If the Senate adopts the bill and takes no action to extend the enhanced ACA premium tax credits, Florida families will be hit hard – over 4 million families will be faced with much higher copayments and premiums. For example, a 60-year-old Florida couple making $82,000 

would see their annual premiums increase from $6,790 to over $26,248. These added costs will outweigh any tax savings for working families. Similarly, a Florida family of four earning $64,000 per year would see their ACA premiums increase by $2,571, but estimates show a Florida family of four with similar earnings would only benefit from $1,476 in tax breaks. This would leave that family with $1,095 less in their pocketbooks at a time when the cost of living is soaring.
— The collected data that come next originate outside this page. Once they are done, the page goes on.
Lemma mcoeffXM (a : 'I_n) (p : P) m :
  ('X_a * p)@_m = if (0 < m a)%N then p@_(m - U_(a))%MM else 0.
Proof.
rewrite mulrC; case: posnP => [ma0|/mnm1_le le_am].
  apply: memN_msupp_eq0; rewrite (perm_mem (msuppMX p U_(a))).
  by apply/mapP => -[m' _ em]; move: ma0; rewrite em mnmDE mnm1E eqxx; lia.
by rewrite -{1}(submK le_am) addmC mcoeffMX.
Qed.

Lemma mdeg_subUS (m : 'X_{1..n}) (a : 'I_n) : (0 < m a)%N ->
  mdeg m = (mdeg (m - U_(a)))%MM.+1.
Proof. by move/mnm1_le=> le_am; rewrite -{1}(submK le_am) mdegD mdeg1 addn1. Qed.

Lemma mnm_subUE (m : 'X_{1..n}) (a p : 'I_n) :
  (m - U_(a))%MM p = if p == a then (m p).-1 else m p.
Proof. by rewrite mnmBE mnm1E eq_sym; case: eqP => _; lia. Qed.

Definition mset (A : {set 'I_n}) : 'X_{1..n} := [multinom (p \in A : nat) | p < n].

Lemma mset_inj : injective mset.
Proof.
move=> A B /mnmP eAB; apply/setP => p.
by have := eAB p; rewrite !mnmE; do 2 case: (_ \in _).
Qed.

Lemma prodX_mset (A : {set 'I_n}) : \prod_(p in A) ('X_p : P) = 'X_[mset A].
Proof.
rewrite (mpolyXE_id int (mset A)) big_mkcond /=; apply: eq_bigr => p _.
by rewrite mnmE; case: (p \in A); rewrite ?expr1 ?expr0.
Qed.

Lemma mdeg_mset A : mdeg (mset A) = #|A|.
Proof.
rewrite mdegE -sum1_card [RHS]big_mkcond /=; apply: eq_bigr => p _.
by rewrite mnmE; case: (p \in A).
Qed.

Definition echar (j k : nat) (m : 'X_{1..n}) : bool :=
  [forall p : 'I_n, (m p <= (p < j))%N] && (mdeg m == k).

Lemma echarP j k (m : 'X_{1..n}) :
  reflect ((forall p : 'I_n, (m p <= (p < j))%N) /\ mdeg m = k) (echar j k m).
Proof. by apply: (iffP andP) => -[/forallP ? /eqP ?]; split=> //; apply/forallP. Qed.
Along with not extending the essential ACA enhanced premium tax credits, the bill includes many other provisions designed to make it more difficult for individuals to find and keep marketplace coverage - an unnecessary bureaucratic squeeze with cruel results for Floridians. This includes more burdensome paperwork requirements, fewer and shorter enrollment periods, financing changes to cost-sharing reductions and nuisance fees—all provisions whose only effect is to increase the number of people without insurance. The paperwork requirements will be costly for the state to administer, add millions of hours of bureaucracy to the process and lead to individuals being wrongfully terminated, as we saw during Florida’s grim Medicaid redetermination period. According to President Trump’s own analysis, “coverage losses are expected to be concentrated in nine States,” including Florida. Florida, which has the nation’s highest marketplace enrollment, is expected to have an estimated 1.86 million people lose their ACA and Medicaid coverage, over one-tenth of the 16 million individuals expected to lose their coverage nationwide.

We have also heard from hospitals, nursing homes and other health care providers in our districts about the harm that would come from the changes to State-Directed Payments and provider financing. These payments are a lifeline for hospitals that treat a high volume of Medicaid managed care beneficiaries, particularly in a state like Florida that reimburses Medicaid providers at 48 cents for every dollar spent providing care. These initiatives help address the shortfall and bridge the gap for entities operating on razor thin margins. Florida hospitals are currently operating at a shortfall of about $3.67 billion, but without these initiatives, the shortfall would grow to $5.7 billion. The House Republican budget bill would hamstring states and take away an important tool for safety-net providers to care for their patients. Reduced federal Medicaid dollars would also blow a hole in the State of Florida’s budget, leaving the state to make tough decisions about cutting essential but optional benefits like home- and community-based services and mental health care; lowering provider reimbursement rates, exacerbating workforce shortages and leading to rural hospital closures; and/or stripping people from their health coverage.

The Big Ugly bill includes many other harmful provisions that would slash food assistance benefits, increase energy prices and utility bills, and make college less affordable for Floridians. It is fiscally irresponsible and morally wrong - and adds over $2.4 trillion to the nation’s deficits over the next decade as the GOP turns a blind eye to a balanced budget for decades to come. That’s shameful and will drive higher inflation and widespread economic harm – all because House Republicans aim to give major tax breaks to the wealthy and the well-connected. The health care provisions, however, will especially hurt Floridians more than the citizens of any other state. A healthy and productive America depends upon healthy access to affordable care at the right time, in the right place, and by the right provider for everyone. We urge you to oppose the House Republican budget bill and instead work on advancing policies that will benefit Floridians’ health, quality of life and pocketbooks.